According to the general market view, by the end of 2025, this will help drive an 18% increase in earnings for Standard & Poor's 500 index component companies. Hartnett said that this growth "will not be much better than risks".

He also added, "There is no better combination for risky assets, so investors will be forced to chase the rebound". He suggested buying when bonds and gold decline, considering the return of bubble risks.

He had previously warned that with the soaring investment in artificial intelligence, a technology bubble may emerge. In February this year, Hartnett stated that the "infant bubble" in the field of artificial intelligence is "growing", and if monetary policy is relaxed, it may push the market higher.

Now, that moment has arrived. In the latest report, Hartnett recommends that the best way to allocate investment portfolios in the context of further expansion of investments in artificial intelligence and loose policies is to allocate bonds and gold to hedge against growth and inflation risks.

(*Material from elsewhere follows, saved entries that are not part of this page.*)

Lemma submod_gen : in_submod v (cls v).
Proof. by exists v; first exact: sm_gen. Qed.

Lemma submodZ (k : C) (x : Ug) : in_submod v x -> in_submod v (k *: x).
Proof. by move=> [u su <-]; exists (Umul (Uscal l k) u); [exact: sm_scale | rewrite clsZ]. Qed.

Lemma submodN (x : Ug) : in_submod v x -> in_submod v (- x).
Proof. by rewrite -scaleN1r; apply: submodZ. Qed.

Lemma submod_ad M (x : Ug) : in_submod v x -> in_submod v (ad (gen M) x).
Proof.
move=> [u su <-]; exists (uad (sl_of M) u); first exact: sm_ad.
by rewrite /uad clsB !clsM adE genE.
Qed.

End Submodule.

Definition in_Unplus_cls (q : Ug) := exists2 u, in_Unplus u & cls u = q.

Lemma Unplus_clsD (x y : Ug) : in_Unplus_cls x -> in_Unplus_cls y -> in_Unplus_cls (x + y).
Proof. by move=> [u su <-] [w sw <-]; exists (Uadd u w); [exact: un_add | rewrite clsD]. Qed.

Lemma Unplus_clsMl (x y : Ug) : in_Unplus_cls y -> in_Unplus_cls (x * y).
Proof.
elim/pquot_ind: x => x [u su <-]; exists (Umul x u); last by rewrite clsM.
elim: su => [w X X_nplus | a b _ Ia _ Ib | a b _ Ia ab].
- by apply: un_eq (ueq_sym (ueq_mulA _ _ _)); exact: un_mul.
- by apply: un_eq (ueq_sym (ueq_mulDr _ _ _)); exact: un_add.
- by apply: un_eq Ia _; apply: ueq_mul => //; exact: ueq_refl.
Qed.

Lemma Unplus_clsB (x y : Ug) : in_Unplus_cls x -> in_Unplus_cls y -> in_Unplus_cls (x - y).
Proof. by move=> Ix Iy; apply: Unplus_clsD Ix _; rewrite -mulN1r; apply: Unplus_clsMl. Qed.
(* Let $d/2<k<d$ be integers with $4k-d-2>(2k-d)^2$, and let $H_*$ be the Hessian matrix of $\varphi$ at $\mathbf b^*$. Then $$\det(-H_* )=\frac{2k^2}{(d-1)(2k-d)^2}\big(4k-d-2-(2k-d)^2\big)\prod_{i=0}^{d-k}\frac1{b_i^*}>0.$$ Furthermore, if $\mathbf b^*$ is the unique global maximum of $\varphi$ on $K$, then $H_*$ is negative definite.
   Context: $\chi_i=\frac{d!}{(k-i)!\,(d-k-i)!\,(i!)^2}$ for $i=0,\dots,d-k$; $b_i^*=(\frac d{2k})^2\binom dk^{-2}\chi_i$. For $\mathbf b\in\mathbb{R}^{d-k+1}$, $\beta_{\mathbf b}=\sum_i b_i$, $\gamma_{\mathbf b}=\sum_i(k-i)b_i$; $K=\{\mathbf b: \frac{d-k}{k}\le\beta_{\mathbf b}\le\frac d{2k},\ b_i\ge0\}$; with $g(x)=x\log x$ ($g(0)=0$), $\varphi(\mathbf b)=g(\gamma_{\mathbf b})+g(d/2-\gamma_{\mathbf b})-2g(\frac{d}{2k}-\beta_{\mathbf b})-g(1-\frac dk+\beta_{\mathbf b})-2\beta_{\mathbf b}\log\binom dk+\sum_i b_i\log\chi_i-\sum_i g(b_i)$. *)

From HB Require Import structures.
From mathcomp Require Import all_boot all_order all_algebra.
From mathcomp Require Import all_classical all_reals all_analysis.
Set Implicit Arguments. Unset Strict Implicit. Unset Printing Implicit Defensive.
Import Order.TTheory GRing.Theory Num.Theory.
Import numFieldNormedType.Exports.
Local Open Scope ring_scope.

(* Vectors b = (b_0,...,b_{d-k}) are row vectors of size (d-k).+1 = d-k+1
   (we always have k < d in the theorem). Index i : 'I_(d-k).+1 is b_i. *)

Section Defs.
Variable R : realType.

Definition g (x : R) : R := if x == 0 then 0 else x * ln x.

Definition chi (d k i : nat) : R :=
  (d`!)%:R / ((k - i)`!%:R * (d - k - i)`!%:R * (i`!)%:R ^+ 2).

Definition bstar (d k : nat) : 'rV[R]_(d - k).+1 :=
  \row_(i < (d - k).+1)
    ((d%:R / (2 * k%:R)) ^+ 2 / ('C(d, k)%:R ^+ 2) * chi d k i).

Definition betab (d k : nat) (b : 'rV[R]_(d - k).+1) : R :=
  \sum_(i < (d - k).+1) b 0 i.

Definition gammab (d k : nat) (b : 'rV[R]_(d - k).+1) : R :=
  \sum_(i < (d - k).+1) (k - i)%:R * b 0 i.

Definition Kset (d k : nat) : set 'rV[R]_(d - k).+1 :=
  [set b | ((d - k)%:R / k%:R <= betab b) && (betab b <= d%:R / (2 * k%:R))
           /\ forall i, 0 <= b 0 i].

Definition phi (d k : nat) (b : 'rV[R]_(d - k).+1) : R :=
  g (gammab b) + g (d%:R / 2 - gammab b)
  - 2 * g (d%:R / (2 * k%:R) - betab b)
  - g (1 - d%:R / k%:R + betab b)
  - 2 * betab b * ln ('C(d, k)%:R)
  + \sum_(i < (d - k).+1) b 0 i * ln (chi d k i)
  - \sum_(i < (d - k).+1) g (b 0 i).

Definition hessian (n : nat) (f : 'rV[R]_n -> R) (x : 'rV[R]_n) : 'M[R]_n :=
  \matrix_(i < n, j < n)
     'D_(delta_mx 0 j) ('D_(delta_mx 0 i) f) x.

Definition neg_definite (n : nat) (H : 'M[R]_n) : Prop :=
  forall v : 'rV[R]_n, v != 0 -> (v *m H *m v^T) 0 0 < 0.

End Defs.

(* On the open set where every logarithm in [phi] has a positive argument, [phi]
   is a sum of terms x log x composed with the affine maps beta, gamma and the
   coordinates, so its Hessian is -(diag(1/b_i) + delta J - alpha u u^T) with
   u_i = k - i.  Sylvester's identity det(1 + AB) = det(1 + BA) reduces the
   determinant of this rank-two perturbation of a diagonal matrix to a 2x2
   determinant in the moments sum b_i, sum u_i b_i, sum u_i^2 b_i.  At b^*, which
   is proportional to C(k,i) C(d-k,i), these moments are Vandermonde convolutions.
   For definiteness, fix s = sum v_i and t = sum u_i v_i: weighted Cauchy-Schwarz
   bounds sum v_i^2/b_i below by a quadratic form in (s, t), and the determinant
   condition makes the remaining binary form positive definite. *)

From HB Require Import structures.
From mathcomp Require Import all_boot all_order all_algebra.
From mathcomp Require Import all_classical all_reals all_analysis.
From mathcomp Require Import ring lra zify.
Import Order.TTheory GRing.Theory Num.Theory.
Import numFieldNormedType.Exports.
Local Open Scope ring_scope.

Section DiagPlusRank2.
Context {R : realFieldType}.

Lemma det1D_mulmxC n m (A : 'M[R]_(n, m)) (B : 'M[R]_(m, n)) :
  \det (1%:M + A *m B) = \det (1%:M + B *m A).
Proof.
have E1 : block_mx 1%:M (- A) B 1%:M =
    block_mx 1%:M 0 B 1%:M *m block_mx 1%:M (- A) 0 (1%:M + B *m A).
  by rewrite mulmx_block !mulmx1 !mul1mx !mul0mx ?mulmx0 !addr0 mulmxN addrCA addNr addr0.
have E2 : block_mx 1%:M (- A) B 1%:M =
    block_mx (1%:M + A *m B) (- A) 0 1%:M *m block_mx 1%:M 0 B 1%:M.
  by rewrite mulmx_block !mulmx1 !mul1mx !mul0mx ?mulmx0 mulNmx addrK !add0r.
have := congr1 determinant E1; rewrite E2 !det_mulmx.
by rewrite !det_ublock !det_lblock !det1 !mul1r !mulr1.
Qed.

Lemma det_mx22 (M : 'M[R]_2) : \det M = M 0 0 * M 1 1 - M 0 1 * M 1 0.
Proof.
rewrite (expand_det_row _ 0) !big_ord_recl big_ord0 addr0 /cofactor !det_mx11 !mxE.
rewrite /= expr0 expr1 mul1r mulN1r.
by rewrite mulrN; congr (M _ _ * M _ _ - M _ _ * M _ _); apply: val_inj.
Qed.

Lemma quad2_gt0 (a h c x y : R) :
  0 < a -> 0 < a * c - h ^+ 2 -> (x != 0) || (y != 0) ->
  0 < a * x ^+ 2 + 2 * h * x * y + c * y ^+ 2.
Proof.
move=> a_gt0 disc_gt0 xy.
rewrite -(pmulr_rgt0 _ a_gt0).
have -> : a * (a * x ^+ 2 + 2 * h * x * y + c * y ^+ 2) =
    (a * x + h * y) ^+ 2 + (a * c - h ^+ 2) * y ^+ 2 by ring.
case: (eqVneq y 0) xy => [-> | yN0 _].
  rewrite orbF mulr0 expr0n /= mulr0 !addr0 => xN0.
  by rewrite lt0r sqr_ge0 andbT sqrf_eq0 mulf_neq0 // gt_eqF.
by rewrite ltr_wpDl ?sqr_ge0 // mulr_gt0 // lt0r sqrf_eq0 yN0 sqr_ge0.
Qed.

Section Forms.
Context {n : nat}.
Variables (b u : 'I_n -> R).
Hypothesis b_gt0 : forall i, 0 < b i.

Local Notation be := (\sum_i b i).
Local Notation ga := (\sum_i u i * b i).
Local Notation S2 := (\sum_i u i ^+ 2 * b i).
Local Notation D := (be * S2 - ga ^+ 2).

Definition diag_plus_rank2_mx (al de : R) : 'M[R]_n :=
  \matrix_(i, j) ((i == j)%:R / b i + de - al * u i * u j).

Lemma det_diag_plus_rank2 al de :
  \det (diag_plus_rank2_mx al de) =
  \prod_i (b i)^-1 * ((1 + de * be) * (1 - al * S2) + al * de * ga ^+ 2).
Proof.
have bN0 i : b i != 0 by rewrite gt_eqF.
pose A := \matrix_(i < n, l < 2) (if l == 0 then b i else u i * b i).
pose B := \matrix_(j < 2, i < n) (if j == 0 then de else - al * u i).
have -> : diag_plus_rank2_mx al de = diag_mx (\row_i (b i)^-1) *m (1%:M + A *m B).
  apply/matrixP => i j; rewrite mul_diag_mx !mxE big_ord_recl big_ord1 !mxE /=.
  by field.
have BAE : B *m A = \matrix_(j, l) (if j == 0 then if l == 0 then de * be else de * ga
                                    else if l == 0 then - al * ga else - al * S2).
  apply/matrixP => j l; rewrite !mxE; under eq_bigr do rewrite !mxE.
  by case: j l => [[|[|]]] // _ [[|[|]]] //= _; rewrite mulr_sumr;
    apply: eq_bigr => i _; ring.
rewrite det_mulmx det_diag det1D_mulmxC BAE det_mx22 !mxE /=.
under eq_bigr do rewrite mxE.
by ring.
Qed.

Local Notation s v := (\sum_i v 0 i).
Local Notation t v := (\sum_i u i * v 0 i).

Lemma diag_plus_rank2_form al de (v : 'rV[R]_n) :
  (v *m diag_plus_rank2_mx al de *m v^T) 0 0 =
  \sum_i v 0 i ^+ 2 / b i + de * s v ^+ 2 - al * t v ^+ 2.
Proof.
have col j : \sum_i v 0 i * diag_plus_rank2_mx al de i j =
    v 0 j / b j + de * s v - al * u j * t v.
  transitivity (\sum_i ((i == j)%:R * (v 0 i / b i) + de * v 0 i
                        - al * u j * (u i * v 0 i))).
    by apply: eq_bigr => i _; rewrite mxE; ring.
  rewrite sumrB big_split /= -!mulr_sumr (bigD1 j) //= eqxx mul1r big1 ?addr0 //.
  by move=> i /negbTE ->; rewrite mul0r.
rewrite mxE; under eq_bigr do rewrite !mxE col.
transitivity (\sum_j (v 0 j ^+ 2 / b j + (de * s v) * v 0 j - (al * t v) * (u j * v 0 j))).
  by apply: eq_bigr => j _; ring.
by rewrite sumrB big_split /= -!mulr_sumr; ring.
Qed.

Lemma gram_form_le_sum_sq_div (v : 'rV[R]_n) : 0 < D ->
  S2 * s v ^+ 2 - 2 * ga * s v * t v + be * t v ^+ 2 <= D * \sum_i v 0 i ^+ 2 / b i.
Proof.
move=> D_gt0.
(* (lam, mu) is the adjugate of the Gram matrix of (1, u) for the b-weighted
   inner product, applied to (s, t). *)
pose lam := S2 * s v - ga * t v; pose mu := be * t v - ga * s v.
have residual : \sum_i (D * v 0 i - b i * (lam + mu * u i)) ^+ 2 / b i =
    D * (D * \sum_i v 0 i ^+ 2 / b i
         - (S2 * s v ^+ 2 - 2 * ga * s v * t v + be * t v ^+ 2)).
  transitivity (\sum_i (D ^+ 2 * (v 0 i ^+ 2 / b i) - (2 * D * lam) * v 0 i
      - (2 * D * mu) * (u i * v 0 i) + lam ^+ 2 * b i + (2 * lam * mu) * (u i * b i)
      + mu ^+ 2 * (u i ^+ 2 * b i))).
    by apply: eq_bigr => i _; field; rewrite gt_eqF.
  by rewrite !big_split /= !sumrN -!mulr_sumr /lam /mu; ring.
rewrite -subr_ge0 -(pmulr_rge0 _ D_gt0) -residual.
by apply: sumr_ge0 => i _; rewrite divr_ge0 ?sqr_ge0 ?ltW.
Qed.

Lemma diag_plus_rank2_form_gt0 al de (v : 'rV[R]_n) :
  0 < D -> 0 <= de -> 0 < (1 + de * be) * (1 - al * S2) + al * de * ga ^+ 2 ->
  v != 0 -> 0 < (v *m diag_plus_rank2_mx al de *m v^T) 0 0.
Proof.
move=> D_gt0 de_ge0 bracket_gt0 vN0.
have q_gt0 : 0 < \sum_i v 0 i ^+ 2 / b i.
  have [j vjN0] : exists j, v 0 j != 0.
    apply/existsP; apply: contraNT vN0; rewrite negb_exists => /forallP v0.
    by apply/eqP/rowP => j; rewrite mxE; apply/eqP; rewrite -[_ == _]negbK v0.
  rewrite (bigD1 j) //= ltr_wpDr ?sumr_ge0 // => [i _|].
    by rewrite divr_ge0 ?sqr_ge0 ?ltW.
  by rewrite divr_gt0 // lt0r sqrf_eq0 vjN0 sqr_ge0.
rewrite diag_plus_rank2_form.
have [st | ] := boolP ((s v != 0) || (t v != 0)); last first.
  by rewrite negb_or !negbK => /andP[/eqP -> /eqP ->]; rewrite expr0n /= !mulr0 subr0 addr0.
have S2_gt0 : 0 < S2.
  have be_ge0 : 0 <= be by apply: sumr_ge0 => i _; apply: ltW.
  by have := sqr_ge0 ga; nra.
have form2_gt0 : 0 < (S2 + de * D) * s v ^+ 2 + 2 * (- ga) * s v * t v
                     + (be - al * D) * t v ^+ 2.
  apply: quad2_gt0 st; first by rewrite ltr_wpDr // mulr_ge0 // ltW.
  have -> : (S2 + de * D) * (be - al * D) - (- ga) ^+ 2 =
      D * ((1 + de * be) * (1 - al * S2) + al * de * ga ^+ 2) by ring.
  exact: mulr_gt0.
rewrite -(pmulr_rgt0 _ D_gt0); apply: (lt_le_trans form2_gt0).
rewrite -subr_ge0.
have -> : D * (\sum_i v 0 i ^+ 2 / b i + de * s v ^+ 2 - al * t v ^+ 2)
          - ((S2 + de * D) * s v ^+ 2 + 2 * (- ga) * s v * t v + (be - al * D) * t v ^+ 2)
    = D * \sum_i v 0 i ^+ 2 / b i
      - (S2 * s v ^+ 2 - 2 * ga * s v * t v + be * t v ^+ 2) by ring.
by rewrite subr_ge0 gram_form_le_sum_sq_div.
Qed.

End Forms.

"Buying bonds and gold on the rebound of risks, as the 'tail' of recession and inflation accelerating again is too unpopular." He wrote.

Finally, the strategist also mentioned that investing in stocks and commodities outside the US is a good way to trade around the theme of an economic "soft landing", the latter being an inflation hedge tool. This is because Hartnett believes that international stocks are cheaper and are starting to outperform their US counterparts.

Editor / jayden

The translation is provided by third-party software.